_PROMPT_
From the entries below, say how many lines carry the word "radK", and give nothing but the number.

··· RECORDS FOR THIS TASK ···

(* Choose L maximising the right annihilator of M L, the intersection of the
   primes r.ann(I), I in L.  If M L <> 0, an ideal I <= M L with maximal right
   annihilator yields a further prime r.ann(I); maximality of L then forces
   M L <= r.ann(I), whence I^2 = 0, contradicting semiprimeness. *)
Lemma semiprime_finite_primes : acc_ann (@right_ann A) \/ acc_ann (@left_ann A) ->
  exists2 Ps, List.Forall (@is_prime A) Ps & forall x, ideal_cap Ps x -> x = 0.
Proof.
move=> acc.
pose good I := is_ideal I /\ is_prime (right_ann I).
pose M L := ideal_cap (List.map (@right_ann A) L).
have idM L : List.Forall good L -> is_ideal (M L).
  move=> goodL; apply: ideal_cap_ideal; apply/List.Forall_map.
  by apply: List.Forall_impl goodL => I [_ /prime_ideal].
have [L goodL maxL] : exists2 L, List.Forall good L & forall L', List.Forall good L' ->
    incl (right_ann (M L)) (right_ann (M L')) ->
    incl (right_ann (M L')) (right_ann (M L)).
  apply: acc_right_ann_maximal acc _ (List.Forall_nil good) => L goodL.
  by exists (M L); first exact: idM.
have [[z Mz z0] | M0] := EM (has_nonzero (M L)); last first.
  exists (List.map (@right_ann A) L).
    by apply/List.Forall_map; apply: List.Forall_impl goodL => I [].
  by move=> x Mx; apply: contrapT => x0; apply: M0; exists x.
have [I [idI IM I_nz] maxI] :
    exists2 I, [/\ is_ideal I, incl I (M L) & has_nonzero I] & forall J,
      [/\ is_ideal J, incl J (M L) & has_nonzero J] ->
      incl (right_ann I) (right_ann J) -> incl (right_ann J) (right_ann I).
  apply: acc_right_ann_maximal acc _ (And3 (idM L goodL) (fun x Mx => Mx) _).
    by move=> I [idI _ _]; exists I.
  by exists z.
have primeI : is_prime (right_ann I).
  apply: right_ann_prime => // J idJ JI J_nz; apply: maxI; split => //.
  by move=> x /JI; apply: IM.
have goodIL : List.Forall good (I :: L) by constructor.
have annM : incl (right_ann (M (I :: L))) (right_ann (M L)).
  by apply: (maxL _ goodIL) => t annt m /List.Forall_cons_iff[_ Mm]; apply: annt.
have M_annI : incl (M L) (right_ann I).
  move=> t Mt x Ix.
  have x_ann : right_ann (M (I :: L)) x.
    apply/(right_ann_left_ann _ (idM _ goodIL)) => m /List.Forall_cons_iff[annIm _].
    exact: annIm x Ix.
  by move: (annM x x_ann) => /(right_ann_left_ann _ (idM _ goodL)); apply.
have [w Iw] := I_nz; case; apply: (right_ann_cap_eq0 idI Iw).
by apply: M_annI; apply: IM.
Qed.

End Semiprime.
End Annihilators.

Section FactorRings.
Variables (A : pzRingType) (K : A -> Prop) (idK : is_ideal K).
Let pi : {rmorphism A -> quot idK} := quot_pi idK.
Let pi_surj : forall t, exists a, pi a = t := @quot_pi_surj _ _ idK.
Let pi_eq0 a : pi a = 0 <-> K a := quot_pi_eq0 idK a.

Lemma contract_pi_VZ (P : quot idK -> Prop) : is_prime P -> VZ K (contract pi P).
Proof.
move=> primeP; split; first exact: (contract_prime pi_surj primeP).
by move=> x /pi_eq0 pix0; rewrite /contract pix0; apply: ideal0 (prime_ideal primeP).
Qed.

Lemma quot_semiprime : incl (prime_rad K) K -> semiprime_ring (quot idK).
Proof.
move=> radK t; have [a <- rad_a] := pi_surj t; apply/pi_eq0.
apply: radK => P [primeP KP] _.
have kerP b : pi b = 0 -> P b by move/pi_eq0/KP.
have primePi := img_prime pi_surj (prime_ideal primeP) kerP primeP.
apply: (img_kerP (prime_ideal primeP) kerP); apply: (rad_a _ _ primePi); split=> // _ ->.
by exists 0; [apply: ideal0 (prime_ideal primeP) | rewrite rmorph0].
Qed.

···

_YOUR SOLUTION_
2